Only one stretch of the data below is wanted: the lines from the one with "Definition le_n (n" through the one with "(etaR (a i))%:E)%E.", repeated exactly.

+++ DATA PROVIDED

(* Let $2\le n\le+\infty$ and let $\{a_i\}_{i=1}^n$ be a non-increasing $n$-tuple (sequence if $n=+\infty$) of positive numbers with $\sum_{i=1}^n a_i\le 1$ and $\sum_{i=1}^n\eta(a_i)<+\infty$. Let $I_n=\mathbb{N}\cap[1,n]$, $b>0$, $c\ge0$, and $$\Omega=\Big\{\{x_i\}_{i=1}^n\ :\ x_1\in[0,c],\ x_i\in\mathbb{R},\ x_{i-1}\le x_i\ \forall i\in I_n\setminus\{1\},\ \sum_{i=1}^n a_ix_i=1\Big\}.$$ Then there exists a unique $n$-tuple $\bar{x}_b=\{x^b_i\}_{i=1}^n$ of nonnegative numbers belonging to $\Omega$ such that $$\sum_{i=1}^n e^{-bx^b_i}=\inf\Big\{\sum_{i=1}^n e^{-bx_i}\ :\ \{x_i\}_{i=1}^n\in\Omega\Big\}.$$ Define $d_k=\sum_{i=k+1}^n a_i$ and $s_k=\sum_{i=k+1}^n\eta(a_i)$ for $k\in\{0\}\cup I_{n-1}$, and the non-increasing family $b_0=\frac{s_0+d_0\ln a_1}{1-cd_0}$ if $cd_0<1$, $b_0=+\infty$ if $cd_0\ge1$; $b_k=s_{k-1}+d_{k-1}\ln a_k$ for $k\in I_n$; $b_n=0$ if $n<+\infty$. Then: <ul> <li>If $b\in[b_1,b_0]\cap(0,+\infty)$, then $x^b_i=\frac1b\left(\frac{b-s_0}{d_0}-\ln a_i\right)$ for $i\in I_n$, and $\sum_{i=1}^n e^{-bx^b_i}=d_0e^{\frac{s_0-b}{d_0}}$.</li> <li>If $b\in[b_{k+1},b_k)\cap(0,+\infty)$ for some $k\in I_{n-1}$, then $x^b_i=0$ for $1\le i\le k$, $x^b_i=\frac1b\left(\frac{b-s_k}{d_k}-\ln a_i\right)$ for $i\in I_n\setminus\{1,\dots,k\}$, and $\sum_{i=1}^n e^{-bx^b_i}=k+d_ke^{\frac{s_k-b}{d_k}}$.</li> <li>If $b_0<+\infty$ and $b>b_0$, then $x^b_1=c$, $x^b_i=\frac1b\left(\frac{b(1-a_1c)-s_1}{d_1}-\ln a_i\right)$ for $i\in I_n\setminus\{1\}$, and $\sum_{i=1}^n e^{-bx^b_i}=e^{-bc}\left(1+d_1e^{\frac{s_1-b(1-cd_0)}{d_1}}\right)$.</li> </ul> For each $i\in I_n$ the function $b\mapsto x^b_i$ is continuous on $(0,+\infty)$. For any $b>0$ and $c>0$ the infimum above equals $$z_c(b)=\sum_{k=0}^{n-1}\mathbf{1}_{B_k}(b)\left(k+d_ke^{\frac{s_k-b}{d_k}}\right)+\mathbf{1}_{B_c}(b)\,e^{-bc}\left(1+d_1e^{\frac{s_1-b(1-cd_0)}{d_1}}\right),$$ where $B_k=[b_{k+1},b_k)$ for $k\in\{0\}\cup I_{n-1}$ and $B_c=[b_0,+\infty)$. If $c=0$, then $b_1=b_0$ and for any $b>0$ the infimum above equals $$z_0(b)=\sum_{k=1}^{n-1}\mathbf{1}_{B'_k}(b)\left(k+d_ke^{\frac{s_k-b}{d_k}}\right),$$ where $B'_k=[b_{k+1},b_k)$ for $k\in I_{n-1}\setminus\{1\}$ and $B'_1=[b_2,+\infty)$.
   Context: $\eta(x)=-x\ln x$ for $x>0$, $\eta(0)=0$. An $n$-tuple with $n=+\infty$ means a sequence. Intervals $(a,b]$ with $b=+\infty$ mean $(a,+\infty)$. $\mathbf{1}_B$ denotes the indicator function of a set $B$. *)

From HB Require Import structures.
From mathcomp Require Import all_boot all_order all_algebra.
From mathcomp Require Import all_classical all_reals all_analysis.
Set Implicit Arguments. Unset Strict Implicit. Unset Printing Implicit Defensive.
Import Order.TTheory GRing.Theory Num.Theory.
Local Open Scope ring_scope.

(* n in {2,...,+oo}: n = Some m means n = m, n = None means n = +oo. *)
Definition two_le (n : option nat) : Prop :=
  if n is Some m then (2 <= m)%N else True.

Definition le_n (n : option nat) (k : nat) : bool :=
  if n is Some m then (k <= m)%N else true.
Definition lt_n (n : option nat) (k : nat) : bool :=
  if n is Some m then (k < m)%N else true.

Definition inI (n : option nat) (i : nat) : bool := (0 < i)%N && le_n n i.

Section Defs.
Variable R : realType.

Definition etaR (x : R) : R := if 0 < x then - (x * ln x) else 0.

(* tail sums d_k = sum_{i=k+1}^n a_i and s_k = sum_{i=k+1}^n etaR(a_i)
   (series of nonnegative terms, read in the extended reals, then as reals;
   under the hypotheses of lemma2 they are finite) *)
Definition dsum (n : option nat) (a : nat -> R) (k : nat) : R :=
  fine (\sum_(0 <= i <oo | (k < i)%N && inI n i) (a i)%:E)%E.
Definition ssum (n : option nat) (a : nat -> R) (k : nat) : R :=
  fine (\sum_(0 <= i <oo | (k < i)%N && inI n i) (etaR (a i))%:E)%E.

Definition bk (n : option nat) (a : nat -> R) (c : R) (k : nat) : \bar R :=
  if k is k'.+1 then (ssum n a k' + dsum n a k' * ln (a k))%:E
  else if c * dsum n a 0 < 1 then
    ((ssum n a 0 + dsum n a 0 * ln (a 1%N)) / (1 - c * dsum n a 0))%:E
  else +oo%E.

Definition Omega (n : option nat) (a : nat -> R) (c : R) : set (nat -> R) :=
  [set x | [/\ 0 <= x 1%N <= c,
             (forall i, inI n i -> (1 < i)%N -> x i.-1 <= x i) &
             (\sum_(0 <= i <oo | inI n i) (a i * x i)%:E)%E = 1%E]].

Definition Fsum (n : option nat) (b : R) (x : nat -> R) : \bar R :=
  (\sum_(0 <= i <oo | inI n i) (expR (- (b * x i)))%:E)%E.

Definition infOmega (n : option nat) (a : nat -> R) (c b : R) : \bar R :=
  ereal_inf [set Fsum n b x | x in Omega n a c].

Definition inB (n : option nat) (a : nat -> R) (c : R) (k : nat) (b : R) : bool :=
  ((bk n a c k.+1 <= b%:E) && (b%:E < bk n a c k))%E.

Definition termk (n : option nat) (a : nat -> R) (k : nat) (b : R) : R :=
  k%:R + dsum n a k * expR ((ssum n a k - b) / dsum n a k).

Definition termc (n : option nat) (a : nat -> R) (c b : R) : R :=
  expR (- (b * c)) *
  (1 + dsum n a 1 * expR ((ssum n a 1 - b * (1 - c * dsum n a 0)) / dsum n a 1)).

(* z_c(b); the indicator 1_B(b) * t is written (if b \in B then t else 0) *)
Definition zc (n : option nat) (a : nat -> R) (c b : R) : \bar R :=
  ((\sum_(0 <= k <oo | lt_n n k)
      (if inB n a c k b then (termk n a k b)%:E else 0))
   + (if (bk n a c 0 <= b%:E) then (termc n a c b)%:E else 0))%E.

Definition inB' (n : option nat) (a : nat -> R) (c : R) (k : nat) (b : R) : bool :=
  if k == 1%N then (bk n a c 2 <= b%:E)%E else inB n a c k b.

Definition z0 (n : option nat) (a : nat -> R) (c b : R) : \bar R :=
  (\sum_(1 <= k <oo | lt_n n k)
      (if inB' n a c k b then (termk n a k b)%:E else 0))%E.

End Defs.

(* For fixed b > 0 the problem is convex.  With the multiplier
   lam = b e^(-nu), the tangent inequality for y |-> e^(-b y) shows that every
   coordinate x_i of the candidate strictly minimizes e^(-b y) + lam a_i y
   under the constraints y >= 0 (and y <= c when i = 1); summing over i and
   using sum_i a_i y_i = 1 on Omega gives F(x) <= F(y), with equality only for
   y = x.  The candidates freeze the first k coordinates at t (t = 0, or t = c
   with k = 1) and put x_i = (nu - ln a_i) / b for i > k, nu being fixed by the
   constraint; the thresholds b_k are exactly where these candidates satisfy
   the constraints and the sign conditions on the multiplier.  Since s_k -> 0
   and ln a_k <= 0, the b_k decrease to 0, so the closed intervals
   [b_(k+1), b_k] and [b_0, +oo) cover (0, +oo).  By uniqueness, neighbouring
   formulas agree at the thresholds, whence the continuity of b |-> x^b_i. *)

From HB Require Import structures.
From mathcomp Require Import all_boot all_order all_algebra.
From mathcomp Require Import all_classical all_reals all_analysis.
From mathcomp Require Import zify ring lra.
Import Order.TTheory GRing.Theory Num.Theory.
Import numFieldNormedType.Exports.
Local Open Scope classical_set_scope.
Local Open Scope ring_scope.

(** * Series of nonnegative terms *)

Section series.
Context {R : realType}.
Implicit Types (f g : nat -> R) (Q : pred nat).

++++++

- WRITTEN ANSWER -
Definition le_n (n : option nat) (k : nat) : bool :=
  if n is Some m then (k <= m)%N else true.
Definition lt_n (n : option nat) (k : nat) : bool :=
  if n is Some m then (k < m)%N else true.

Definition inI (n : option nat) (i : nat) : bool := (0 < i)%N && le_n n i.

Section Defs.
Variable R : realType.

Definition etaR (x : R) : R := if 0 < x then - (x * ln x) else 0.

(* tail sums d_k = sum_{i=k+1}^n a_i and s_k = sum_{i=k+1}^n etaR(a_i)
   (series of nonnegative terms, read in the extended reals, then as reals;
   under the hypotheses of lemma2 they are finite) *)
Definition dsum (n : option nat) (a : nat -> R) (k : nat) : R :=
  fine (\sum_(0 <= i <oo | (k < i)%N && inI n i) (a i)%:E)%E.
Definition ssum (n : option nat) (a : nat -> R) (k : nat) : R :=
  fine (\sum_(0 <= i <oo | (k < i)%N && inI n i) (etaR (a i))%:E)%E.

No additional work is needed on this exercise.